Анализ христианского модализма

Безусловно, ограниченному человеческому пониманию легче говорить о Боге в монотеистических терминах. Когда же о нем говорят и некоторые тексты Писания, в том числе и из Нового Завета (Иак. 2:19; 1 Кор. 8:4-6; Гал. 3:20; 1 Тим. 2:5), модализм представляется людям единственным рациональным решением «проблемы Троицы». Однако, данное решение имеет собственные проблемы, поскольку подразумевает некое расслоение Единого Бога, когда Он описывается в различных «формах» одновременно (Ис. 48:16; Мф. 3:16-17; 28:19; Ин. 14:16; Деян. 20:28; 1 Пет. 1:2; Иуд. 20-21; 2 Кор. 13:13; Гал. 4:6; Еф. 2:18; 3:14-17; Откр. 1:4-5).

Эти тексты обнажают проблемы модализма, поскольку здесь он выглядит похожим на откровенный пантеизм.

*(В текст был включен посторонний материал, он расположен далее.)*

(* Let $L^x,L^y>0$, let $i\neq j$ be two boxes, each box $k\in\{i,j\}$ having center $(c^x_k,c^y_k)$, side lengths $(\ell^x_k,\ell^y_k)$ and constants $lb^s_k>0$, $ub^s_k$. Let $$Q^{ub}=\{(c_i,c_j,\ell_i,\ell_j)\in\mathbb{R}^8:\ \tfrac12\ell^s_k\le c^s_k\le L^s-\tfrac12\ell^s_k,\ lb^s_k\le\ell^s_k\le ub^s_k\ \ \forall s\in\{x,y\},k\in\{i,j\}\}.$$ Let $E^8$ be the set of $(c,\ell,z)$ with $(c,\ell)=(c_i,c_j,\ell_i,\ell_j)\in Q^{ub}$, $z=(z^s_{p,q})_{s\in\{x,y\},(p,q)\in\{(i,j),(j,i)\}}\in\{0,1\}^4$ not identically zero, $z^s_{i,j}+z^s_{j,i}\le1$ for each $s$, $z^s_{p,q}=1\Rightarrow\mathscr{B}_p\leftarrow_s\mathscr{B}_q$, and $z^s_{i,j}=z^s_{j,i}=0\Rightarrow(\mathscr{B}_i\not\leftarrow_s\mathscr{B}_j$ and $\mathscr{B}_j\not\leftarrow_s\mathscr{B}_i)$. Let $E^U$ be the set of $(c,\ell,u)$ with $(c,\ell)\in Q^{ub}$, $u=(u^s_{p,q})\in\{0,1\}^4$ having exactly one entry equal to $1$, and $u^s_{p,q}=1\Rightarrow\mathscr{B}_p\leftarrow_s\mathscr{B}_q$. Then for any $\{r,s\}=\{x,y\}$ and $\{p,q\}=\{i,j\}$: (a) $c^s_p+ub^s_q(1-z^s_{q,p})\ge\tfrac12\ell^s_p+\ell^s_q$ holds for all points of $E^8$; (b) if $L^s<ub^s_p+ub^s_q$, then $z^r_{p,q}+z^r_{q,p}\ge\dfrac{\ell^s_p+\ell^s_q-L^s}{ub^s_p+ub^s_q-L^s}$ holds for all points of $E^8$, and $u^r_{p,q}+u^r_{q,p}\ge\dfrac{\ell^s_p+\ell^s_q-L^s}{ub^s_p+ub^s_q-L^s}$ holds for all points of $E^U$.
   Context: $\mathscr{B}_p\leftarrow_s\mathscr{B}_q$ means $c^s_p+\tfrac12\ell^s_p\le c^s_q-\tfrac12\ell^s_q$, and $\mathscr{B}_p\not\leftarrow_s\mathscr{B}_q$ means $c^s_p+\tfrac12\ell^s_p\ge c^s_q-\tfrac12\ell^s_q$. $E^8=\operatorname{Em}(Q^{ub},D^8,C^8)$ and $E^U=\operatorname{Em}(Q^{ub},D^4,U^4)$ in the paper's notation. In the paper $ub^s_k=\min\{\sqrt{\alpha_k\beta_k},L^s\}$, $lb^s_k=\beta_k/ub^s_k$. *)

From Stdlib Require Import Reals Lra.
Open Scope R_scope.

Inductive axis : Type := AX | AY.
Inductive box : Type := Bi | Bj.

(* Configuration data: centers c s k, side lengths l s k.
   Binary vectors z^s_{p,q} (resp. u^s_{p,q}) are functions
   axis -> box -> box -> R; only the entries with p <> q are meaningful. *)

Definition prec (c l : axis -> box -> R) (s : axis) (p q : box) : Prop :=
  c s p + l s p / 2 <= c s q - l s q / 2.

Definition nprec (c l : axis -> box -> R) (s : axis) (p q : box) : Prop :=
  c s p + l s p / 2 >= c s q - l s q / 2.

Definition is01 (x : R) : Prop := x = 0 \/ x = 1.

Definition Qub (L : axis -> R) (lb ub : axis -> box -> R)
  (c l : axis -> box -> R) : Prop :=
  forall s k,
    l s k / 2 <= c s k /\ c s k <= L s - l s k / 2 /\
    lb s k <= l s k /\ l s k <= ub s k.

Definition E8 (L : axis -> R) (lb ub : axis -> box -> R)
  (c l : axis -> box -> R) (z : axis -> box -> box -> R) : Prop :=
  Qub L lb ub c l /\
  (forall s p q, p <> q -> is01 (z s p q)) /\
  (exists s p q, p <> q /\ z s p q <> 0) /\
  (forall s, z s Bi Bj + z s Bj Bi <= 1) /\
  (forall s p q, p <> q -> z s p q = 1 -> prec c l s p q) /\
  (forall s, z s Bi Bj = 0 -> z s Bj Bi = 0 ->
     nprec c l s Bi Bj /\ nprec c l s Bj Bi).

Definition EU (L : axis -> R) (lb ub : axis -> box -> R)
  (c l : axis -> box -> R) (u : axis -> box -> box -> R) : Prop :=
  Qub L lb ub c l /\
  (forall s p q, p <> q -> is01 (u s p q)) /\
  (exists s0 p0 q0, p0 <> q0 /\ u s0 p0 q0 = 1 /\
     forall s p q, p <> q -> (s, p, q) <> (s0, p0, q0) -> u s p q = 0) /\
  (forall s p q, p <> q -> u s p q = 1 -> prec c l s p q).

(** Along an axis [s], two boxes that are ordered ([B_p <-_s B_q] or
    [B_q <-_s B_p]) must fit side by side in the strip [[0, L^s]], so
    [l^s_p + l^s_q <= L^s] and the right-hand side of (b) is nonpositive;
    it never exceeds [1] since [l^s_k <= ub^s_k].  Hence (b) only has to be
    checked when both binaries on the other axis [r] vanish, and then the
    nonzero binary that both [E^8] and [E^U] require sits on axis [s] and
    orders the boxes there.  Part (a) is the same packing argument with
    box [q] placed to the left of box [p]. *)

From Stdlib Require Import Reals Lra.
Open Scope R_scope.

Definition separated (c l : axis -> box -> R) (s : axis) (p q : box) : Prop :=
  prec c l s p q \/ prec c l s q p.

Lemma Rdiv_le_1 (N D : R) : 0 < D -> N <= D -> N / D <= 1.
Proof.
  intros HD HND. rewrite <- (Rdiv_diag D) by lra.
  apply Rmult_le_compat_r; [apply Rlt_le, Rinv_0_lt_compat|]; lra.
Qed.

Lemma Rdiv_nonpos (N D : R) : 0 < D -> N <= 0 -> N / D <= 0.
Proof.
  intros HD HN. assert (0 < / D) by (apply Rinv_0_lt_compat; lra).
  unfold Rdiv. nra.
Qed.

Section Packing.

Variables (L : axis -> R) (lb ub c l : axis -> box -> R).
Hypothesis HQ : Qub L lb ub c l.

Lemma Qub_prec_center (s : axis) (p q : box) :
  prec c l s q p -> c s p >= l s p / 2 + l s q.
Proof.
  unfold prec. destruct (HQ s q) as (Hq & _). lra.
Qed.

Lemma Qub_prec_fit (s : axis) (p q : box) :
  prec c l s p q -> l s p + l s q <= L s.
Proof.
  unfold prec. destruct (HQ s p) as (Hp & _). destruct (HQ s q) as (_ & Hq & _).
  lra.
Qed.

Lemma Qub_separated_fit (s : axis) (p q : box) :
  separated c l s p q -> l s p + l s q <= L s.
Proof.
  intros [H | H]; [exact (Qub_prec_fit s p q H)|].
  pose proof (Qub_prec_fit s q p H). lra.
Qed.

Lemma Qub_binary_bound (s : axis) (p q : box) (a b : R) :
  L s < ub s p + ub s q -> is01 a -> is01 b ->
  (a = 0 -> b = 0 -> separated c l s p q) ->
  a + b >= (l s p + l s q - L s) / (ub s p + ub s q - L s).
Proof.
  intros HL Ha Hb Hsep.
  destruct (HQ s p) as (_ & _ & _ & Hp). destruct (HQ s q) as (_ & _ & _ & Hq).
  assert (Hle1 : (l s p + l s q - L s) / (ub s p + ub s q - L s) <= 1)
    by (apply Rdiv_le_1; lra).
  destruct Ha as [-> | ->], Hb as [-> | ->]; try lra.
  pose proof (Qub_separated_fit s p q (Hsep eq_refl eq_refl)).
  assert ((l s p + l s q - L s) / (ub s p + ub s q - L s) <= 0)
    by (apply Rdiv_nonpos; lra).
  lra.
Qed.

End Packing.

Lemma E8_center_bound (L : axis -> R) (lb ub c l : axis -> box -> R)
    (z : axis -> box -> box -> R) (s : axis) (p q : box) :
  q <> p -> E8 L lb ub c l z -> c s p + ub s q * (1 - z s q p) >= l s p / 2 + l s q.
Proof.
  intros Hqp (HQ & H01 & _ & _ & Hprec & _).
  destruct (HQ s p) as (Hp & _). destruct (HQ s q) as (_ & _ & _ & Hq).
  destruct (H01 s q p Hqp) as [-> | E]; [lra|].
  pose proof (Qub_prec_center L lb ub c l HQ s p q (Hprec s q p Hqp E)).
  rewrite E. lra.
Qed.

Lemma off_axis_entry (w : axis -> box -> box -> R) (r s s' : axis) (p q p' q' : box) :
  r <> s -> p <> q -> p' <> q' -> w r p q = 0 -> w r q p = 0 -> w s' p' q' <> 0 ->
  s' = s /\ (p' = p /\ q' = q \/ p' = q /\ q' = p).
Proof.
  destruct r, s, s', p, q, p', q'; intros; try congruence; intuition congruence.
Qed.

Lemma prec_separated (c l : axis -> box -> R) (s : axis) (p q p' q' : box) :
  p' = p /\ q' = q \/ p' = q /\ q' = p -> prec c l s p' q' -> separated c l s p q.
Proof.
  intros [[-> ->] | [-> ->]] H; [left | right]; exact H.
Qed.

Section Binaries.

Variables (L : axis -> R) (lb ub c l : axis -> box -> R) (w : axis -> box -> box -> R).
Variables (r s : axis) (p q : box).
Hypotheses (Hrs : r <> s) (Hpq : p <> q).

Lemma E8_other_axis_separated :
  E8 L lb ub c l w -> w r p q = 0 -> w r q p = 0 -> separated c l s p q.
Proof.
  intros (_ & H01 & (s' & p' & q' & Hpq' & Hnz) & _ & Hprec & _) Hz1 Hz2.
  destruct (off_axis_entry w r s s' p q p' q' Hrs Hpq Hpq' Hz1 Hz2 Hnz) as [-> Hpair].
  destruct (H01 s p' q' Hpq') as [E | E]; [contradiction|].
  exact (prec_separated c l s p q p' q' Hpair (Hprec s p' q' Hpq' E)).
Qed.

Lemma EU_other_axis_separated :
  EU L lb ub c l w -> w r p q = 0 -> w r q p = 0 -> separated c l s p q.
Proof.
  intros (_ & _ & (s0 & p0 & q0 & Hpq0 & E & _) & Hprec) Hu1 Hu2.
  assert (Hnz : w s0 p0 q0 <> 0) by lra.
  destruct (off_axis_entry w r s s0 p q p0 q0 Hrs Hpq Hpq0 Hu1 Hu2 Hnz) as [-> Hpair].
  exact (prec_separated c l s p q p0 q0 Hpair (Hprec s p0 q0 Hpq0 E)).
Qed.

End Binaries.

Theorem proposition6p3 (L : axis -> R) (lb ub : axis -> box -> R) :
  (forall s, 0 < L s) ->
  (forall s k, 0 < lb s k) ->
  forall (r s : axis) (p q : box), r <> s -> p <> q ->
  (forall c l z, E8 L lb ub c l z ->
     c s p + ub s q * (1 - z s q p) >= l s p / 2 + l s q) /\
  (L s < ub s p + ub s q ->
     (forall c l z, E8 L lb ub c l z ->
        z r p q + z r q p >= (l s p + l s q - L s) / (ub s p + ub s q - L s)) /\
     (forall c l u, EU L lb ub c l u ->
        u r p q + u r q p >= (l s p + l s q - L s) / (ub s p + ub s q - L s))).
Proof.
  intros _ _ r s p q Hrs Hpq.
  split; [|split].
  - intros c l z HE. exact (E8_center_bound L lb ub c l z s p q (not_eq_sym Hpq) HE).
  - intros c l z HE. pose proof HE as (HQ & H01 & _).
    apply (Qub_binary_bound L lb ub c l HQ s p q); auto.
    exact (E8_other_axis_separated L lb ub c l z r s p q Hrs Hpq HE).
  - intros c l u HE. pose proof HE as (HQ & H01 & _).
    apply (Qub_binary_bound L lb ub c l HQ s p q); auto.
    exact (EU_other_axis_separated L lb ub c l u r s p q Hrs Hpq HE).
Qed.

Да, индуистский Кришна мог являться одновременно в бесчисленных своих выражениях. И это понятно, поскольку индуизм признает, что Бог есть все, но когда об этом заявляют христиане, становится как-то не по себе. Видеть одного Бога сразу же в трех образах напоминает медиума, видящего себя сразу из четырех сторон комнаты.

При этом модализм проникает в христианскую среду. Нам известно учение о том, что в Ветхом Завете Бог открыл Себя как Отец, в земной жизни Христа как Сын, а в истории церкви как Дух Святой. Никто из нас не задумывается, что безоговорочно такое учение пропагандирует модализм. Это же можно сказать и об адопцианстве. Да, Христос для нас - пример, все мы получаем Духа Святого при возрождении и используем Его знания и силу в своем духовном росте, однако идти дальше этого опасно. Павел Самосатский (вторая половина III-го века) считал, что Иисус был обычным человеком, который в результате сошествия Божественного Логоса стал Христом. При этом Логос по своей сущности оставался отличным от человека Иисуса. Отсюда оставался лишь один вывод: в обычном человеке покоился Бог подобно тому как вдохновение посещает композитора и поэта. При этом модалисты обходят молчанием вопрос: «Чем же такой Иисус, связанный с Богом лишь внешним образом, отличался от пророков или апостолов?»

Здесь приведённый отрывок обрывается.